Still, while struggling to find a permanent home in Gary, she took classes, raised her kids and eventually earned that long-elusive high school diploma.
“It was something I had wanted for 20 years,” she told me.
Nicholson started taking classes at Ivy Tech Community College, studying early childhood education until her financial aid ran out. She would someday like to open a preschool or learning center for youth.
“I believe children are our future, and teaching them is the greatest investment in the world,” she said. “All it takes is one voice. I want to be that voice.”
Osborne also is taking college courses on early childhood education and related subjects. She wants to someday be a social worker to help Gary youth.
“I want to stay here and give back to others who want to do what I have done so far,” she said.
All it takes is another voice. She wants to be that voice.

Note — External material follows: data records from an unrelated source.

(* Let $K$ be a simplicial complex and $K'\subset K$ a subcomplex. Then $K'$ is nice if and only if every simplex $\Delta\in K$ that equals the convex hull of $\Delta\cap K'$ belongs to $K'$.
   Context: A simplicial complex is a locally finite set of linear simplices in $\mathbb{R}^N$ closed under faces with pairwise intersections common faces. For $\Delta\in K$, $\Delta\cap K'$ denotes the subcomplex of $K'$ consisting of the simplices of $K'$ that are faces of $\Delta$ (the maximal subcomplex of $K'$ contained in $\Delta$). Two simplices are adjacent if they share a face; $\operatorname{star}(K')$ is the set of simplices of $K$ adjacent to some simplex of $K'$, together with their faces. $K'$ is nice if for every $\Delta\in\operatorname{star}(K')$, the subcomplex $\Delta\cap K'$ is a (single) face of $\Delta$ together with its faces. *)

From HB Require Import structures.
From mathcomp Require Import all_boot all_order all_algebra finmap.
From mathcomp Require Import reals.
Set Implicit Arguments. Unset Strict Implicit. Unset Printing Implicit Defensive.
Import Order.TTheory GRing.Theory Num.Theory.
Local Open Scope ring_scope.
Local Open Scope fset_scope.

Section SimplicialDefs.
Variables (R : realType) (N : nat).

Definition point := 'rV[R]_N.

(* A linear simplex is represented by its (finite) vertex set; the geometric
   simplex is the convex hull [conv s] of the vertices. *)
Definition vsimplex := {fset point}.

Definition hull (S : point -> Prop) : point -> Prop :=
  fun p => exists (s : seq point) (w : point -> R),
    [/\ (forall x, x \in s -> S x), (forall x, 0 <= w x),
        \sum_(x <- s) w x = 1 & p = \sum_(x <- s) w x *: x].

Definition conv (s : vsimplex) : point -> Prop := hull (fun x => x \in s).

Definition aff_indep (s : vsimplex) : Prop :=
  forall w : point -> R,
    \sum_(x <- s) w x = 0 -> \sum_(x <- s) w x *: x = 0 ->
    forall x, x \in s -> w x = 0.

Definition is_simplex (s : vsimplex) : Prop := s != fset0 /\ aff_indep s.

Definition face (t s : vsimplex) : Prop := t != fset0 /\ t `<=` s.

Definition sqdist (x y : point) : R := \sum_(i < N) (x ord0 i - y ord0 i) ^+ 2.

Definition locally_finite (K : vsimplex -> Prop) : Prop :=
  forall x : point, exists r : R, 0 < r /\
    exists L : seq vsimplex, forall s, K s ->
      (exists y, conv s y /\ sqdist x y < r ^+ 2) -> s \in L.

Definition simplicial_complex (K : vsimplex -> Prop) : Prop :=
  [/\ (forall s, K s -> is_simplex s),
      (forall s t, K s -> face t s -> K t),
      (forall s t, K s -> K t ->
         (forall x, ~ (conv s x /\ conv t x)) \/
         exists r, [/\ face r s, face r t &
                       forall x, (conv s x /\ conv t x) <-> conv r x])
    & locally_finite K].

Definition subcomplex (K' K : vsimplex -> Prop) : Prop :=
  (forall s, K' s -> K s) /\ (forall s t, K' s -> face t s -> K' t).

(* Delta ∩ K' : simplices of K' that are faces of Delta *)
Definition cap_sub (D : vsimplex) (K' : vsimplex -> Prop) : vsimplex -> Prop :=
  fun s => K' s /\ face s D.

Definition adjacent (s t : vsimplex) : Prop := exists r, face r s /\ face r t.

Definition star (K K' : vsimplex -> Prop) : vsimplex -> Prop :=
  fun s => exists t r, [/\ K t, K' r, adjacent t r & face s t].

(* nice: for Delta in star(K'), Delta ∩ K' is a face F of Delta together with
   its faces; F is allowed to be empty (then Delta ∩ K' is empty). *)
Definition nice (K K' : vsimplex -> Prop) : Prop :=
  forall D, star K K' D ->
    exists F : vsimplex, F `<=` D /\
      forall s, cap_sub D K' s <-> face s F.

Definition hull_cap (D : vsimplex) (K' : vsimplex -> Prop) : point -> Prop :=
  hull (fun x => exists s, cap_sub D K' s /\ conv s x).

End SimplicialDefs.

(* Niceness says that the simplices of K' inside a simplex D of star(K') are
   exactly the faces of one face F of D.  If D is the convex hull of D ∩ K',
   every vertex of D lies in the convex hull of F, so F = D by affine
   independence, and D belongs to K'.  Conversely, the right face F is spanned
   by the vertices v of D with {v} in K': each face s of F is the convex hull
   of s ∩ K', which contains all vertices of s, so s belongs to K'. *)
From HB Require Import structures.
From mathcomp Require Import all_boot all_order all_algebra finmap.
From mathcomp Require Import reals boolp.
Set Implicit Arguments. Unset Strict Implicit. Unset Printing Implicit Defensive.
Import Order.TTheory GRing.Theory Num.Theory.
Local Open Scope fset_scope.
Local Open Scope ring_scope.

Section SumsOverUniqSeq.
Variables (T : eqType) (V : nmodType).

Lemma sum_pred1_seq (r : seq T) x (g : T -> V) :
  uniq r -> x \in r -> \sum_(y <- r | x == y) g y = g x.
Proof.
move=> r_uniq xr; rewrite big_mkcond (bigD1_seq x) //= eqxx big1 ?addr0 //.
by move=> y; rewrite eq_sym => /negbTE ->.
Qed.

Lemma sum_partition_seq (r q : seq T) (g : T -> V) :
  uniq r -> {subset q <= r} ->
  \sum_(y <- r) \sum_(x <- q | x == y) g x = \sum_(x <- q) g x.
Proof.
move=> r_uniq qr; under eq_bigr do rewrite big_mkcond.
rewrite exchange_big [LHS]big_seq [RHS]big_seq; apply: eq_bigr => x xq.
by rewrite -big_mkcond; apply: (sum_pred1_seq (fun=> g x)); rewrite ?qr.
Qed.

End SumsOverUniqSeq.

Section ConvexHulls.
Variables (R : realType) (N : nat).
Local Notation point := (point R N).
Local Notation vsimplex := (vsimplex R N).

Lemma hullS (S S' : point -> Prop) p :
  (forall x, S x -> S' x) -> hull S p -> hull S' p.
Proof.
move=> SS' [q [w [qS w0 w1 ->]]].
by exists q, w; split=> // x /qS /SS'.
Qed.

Lemma hull_inhabited (S : point -> Prop) p : hull S p -> exists x, S x.
Proof.
case=> [[|x q]] [w [qS _ w1 _]].
  by move: w1; rewrite big_nil => /eqP; rewrite eq_sym oner_eq0.
by exists x; apply: qS; rewrite mem_head.
Qed.

Lemma conv_vertex (s : vsimplex) x : x \in s -> conv s x.
Proof.
move=> xs; exists [:: x], (fun=> 1).
by split=> [y|y||]; rewrite ?inE ?big_seq1 ?scale1r // => /eqP ->.
Qed.

Lemma convS (s t : vsimplex) p : s `<=` t -> conv s p -> conv t p.
Proof. by move=> /fsubsetP st; apply: hullS. Qed.

(* The barycentric coordinate at y of the formal combination (q, w);
   q may repeat points. *)
Definition coord (q : seq point) (w : point -> R) (y : point) : R :=
  \sum_(x <- q | x == y) w x.

Lemma coord_ge0 q w y : (forall x, 0 <= w x) -> 0 <= coord q w y.
Proof. by move=> w0; apply: sumr_ge0. Qed.

Lemma coord_notin q w y : y \notin q -> coord q w y = 0.
Proof.
move=> yq; rewrite /coord big_seq_cond big1 // => x /andP[xq /eqP xy].
by move: yq; rewrite -xy xq.
Qed.

Lemma coord_seq1 y : coord [:: y] (fun=> 1) y = 1.
Proof. by rewrite /coord big_cons big_nil eqxx addr0. Qed.

Lemma sum_coord (D : vsimplex) q w : {subset q <= D} ->
  \sum_(y <- D) coord q w y = \sum_(x <- q) w x.
Proof. exact: sum_partition_seq (fset_uniq D). Qed.

Lemma sum_coord_scale (D : vsimplex) q w : {subset q <= D} ->
  \sum_(y <- D) coord q w y *: y = \sum_(x <- q) w x *: x.
Proof.
move=> qD; rewrite -(sum_partition_seq _ (fset_uniq D) qD).
apply: eq_bigr => y _; rewrite scaler_suml.
by apply: eq_bigr => x /eqP ->.
Qed.

Lemma conv_coords (F : vsimplex) p : conv F p ->
  exists c : point -> R, [/\ forall y, 0 <= c y, \sum_(y <- F) c y = 1
                           & p = \sum_(y <- F) c y *: y].
Proof.
case=> q [w [qF w0 w1 ->]]; exists (coord q w).
by split=> [y||]; rewrite ?coord_ge0 ?sum_coord ?sum_coord_scale.
Qed.

Lemma hull_conv (F : vsimplex) p : hull (conv F) p -> conv F p.
Proof.
case=> q [w [qF w0 w1 ->]].
suff [c [c0 cw ->]] : exists c : point -> R,
    [/\ forall y, 0 <= c y, \sum_(y <- F) c y = \sum_(x <- q) w x
      & \sum_(x <- q) w x *: x = \sum_(y <- F) c y *: y].
  by exists F, c; split; rewrite ?cw.
elim: q qF {w1} => [|x q IHq] qF.
  exists (fun=> 0); rewrite !big_nil.
  by split=> //; rewrite big1 // => y _; rewrite scale0r.
have [cx [cx0 cx1 xE]] := conv_coords (qF x (mem_head x q)).
have [cq [cq0 cqw qE]] := IHq (fun y yq => qF y (mem_behead (s := x :: q) yq)).
exists (fun y => w x * cx y + cq y); split.
- by move=> y; rewrite addr_ge0 ?mulr_ge0.
- by rewrite big_cons big_split /= -mulr_sumr cx1 mulr1 cqw.
- rewrite big_cons qE [X in _ *: X + _]xE scaler_sumr -big_split /=.
  by apply: eq_bigr => y _; rewrite scalerA scalerDl.
Qed.

Lemma aff_indep_coord (D : vsimplex) q1 w1 q2 w2 :
  aff_indep D -> {subset q1 <= D} -> {subset q2 <= D} ->
  \sum_(x <- q1) w1 x = \sum_(x <- q2) w2 x ->
  \sum_(x <- q1) w1 x *: x = \sum_(x <- q2) w2 x *: x ->
  {in D, coord q1 w1 =1 coord q2 w2}.
Proof.
move=> Dai q1D q2D sum_eq comb_eq y yD; apply/eqP; rewrite -subr_eq0; apply/eqP.
apply: (Dai (fun y => coord q1 w1 y - coord q2 w2 y)) yD.
  by rewrite sumrB !sum_coord // sum_eq subrr.
under eq_bigr do rewrite scalerBl.
by rewrite sumrB !sum_coord_scale // comb_eq subrr.
Qed.

Lemma aff_indep_conv_mem (D F : vsimplex) u :
  aff_indep D -> F `<=` D -> u \in D -> conv F u -> u \in F.
Proof.
move=> Dai /fsubsetP FD uD [q [w [qF _ w_sum1 uE]]].
apply: contraT => uF.
have qD : {subset q <= D} by move=> x /qF /FD.
have uD1 : {subset [:: u] <= D} by move=> x; rewrite inE => /eqP ->.
have := aff_indep_coord (w1 := w) (w2 := fun=> 1) Dai qD uD1.
rewrite !big_seq1 /= scale1r w_sum1 -uE => /(_ erefl erefl u uD).
rewrite coord_seq1 coord_notin; last by apply: contra uF => /qF.
by move=> /eqP; rewrite eq_sym oner_eq0.
Qed.

Lemma hull_cap_conv (D F : vsimplex) (K' : vsimplex -> Prop) p :
  (forall s, cap_sub D K' s -> s `<=` F) -> hull_cap D K' p -> conv F p.
Proof.
move=> capF /(hullS (S' := conv F)) hc; apply/hull_conv/hc.
by move=> x [s [/capF sF /(convS sF)]].
Qed.

Lemma face_fset1 (s : vsimplex) x : x \in s -> face [fset x] s.
Proof.
by move=> xs; split; [apply/fset0Pn; exists x; rewrite fset11 | rewrite fsub1set].
Qed.

Lemma face_refl (s : vsimplex) : s != fset0 -> face s s.
Proof. by split. Qed.

End ConvexHulls.

Section Niceness.
Variables (R : realType) (N : nat) (K K' : vsimplex R N -> Prop).

Definition hull_cap_closed : Prop :=
  forall D : vsimplex R N, K D ->
    (forall x, conv D x <-> hull_cap D K' x) -> K' D.

Lemma nice_hull_cap_closed :
  (forall s, K s -> is_simplex s) -> nice K K' -> hull_cap_closed.
Proof.
move=> Ksimplex Knice D KD Dhull; have [D_neq0 Dai] := Ksimplex D KD.
have [v vD] := fset0Pn _ D_neq0.
have [_ [s [[K's sD] _]]] := hull_inhabited ((Dhull v).1 (conv_vertex vD)).
have starD : star K K' D.
  by exists D, s; split=> //; exists s; split=> //; apply/face_refl; case: sD.
have [F [FD capF]] := Knice D starD.
have DF : D `<=` F.
  apply/fsubsetP => u uD; apply: (aff_indep_conv_mem Dai FD uD).
  apply: hull_cap_conv; last exact/(Dhull u).1/conv_vertex.
  by move=> t /capF [].
by have [] := (capF D).2 (conj D_neq0 DF).
Qed.

Lemma conv_hull_cap_vertices (s : vsimplex R N) x :
  (forall v, v \in s -> K' [fset v]) -> conv s x <-> hull_cap s K' x.
Proof.
move=> K'v; split; last by apply: hull_cap_conv => t [_ []].
apply: hullS => y ys; exists [fset y]; split; last exact/conv_vertex/fset11.
by split; [apply: K'v | apply: face_fset1].
Qed.

Lemma hull_cap_closed_nice :
  (forall s t, K s -> face t s -> K t) ->
  (forall s t, K' s -> face t s -> K' t) ->
  hull_cap_closed -> nice K K'.
Proof.
move=> Kface K'face K'closed D [t [r [Kt _ _ Dt]]].
have KD := Kface t D Kt Dt.
set F := [fset v in D | `[< K' [fset v] >]].
have FD : F `<=` D by apply/fsubsetP => v; rewrite !inE => /andP[].
exists F; split=> // s; split.
- move=> [K's [s_neq0 sD]]; split=> //; apply/fsubsetP => v vs.
  rewrite !inE (fsubsetP sD v vs) /=; apply/asboolP.
  exact: K'face K's (face_fset1 vs).
- move=> [s_neq0 sF]; have K'v : forall v, v \in s -> K' [fset v].
    by move=> v /(fsubsetP sF); rewrite !inE => /andP[_ /asboolP].
  have sD := fsubset_trans sF FD.
  split=> //; apply: K'closed; first exact: Kface KD (conj s_neq0 sD).
  by move=> x; apply: conv_hull_cap_vertices.
Qed.

End Niceness.

Theorem lemma3p10 (R : realType) (N : nat) (K K' : vsimplex R N -> Prop) :
  simplicial_complex K -> subcomplex K' K ->
  (nice K K' <->
   forall D : vsimplex R N, K D ->
     (forall x, conv D x <-> hull_cap D K' x) -> K' D).
Proof.
move=> [Ksimplex Kface _ _] [_ K'face]; split.
- exact: nice_hull_cap_closed.
- exact: hull_cap_closed_nice.
Qed.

On the day I met Nicholson, she had just received a letter from the Indianapolis Housing Agency, approving her request for Section 8 housing through government assistance.
With its approval, she can now move to Indianapolis so her daughter, Minnie, can attend college at Indiana University-Purdue University Indianapolis. This means the world to Nicholson, that her daughter is bound for college.
“We’re so excited. We’ve been waiting on this opportunity,” Nicholson said, showing off that approval letter.
I asked both women about the importance of education, at any age.
After thinking about it for a few minutes, Nicholson replied, “Education is the key to ending poverty.”
Osborne didn’t have to think about it: “Education is everything,” she replied instantly.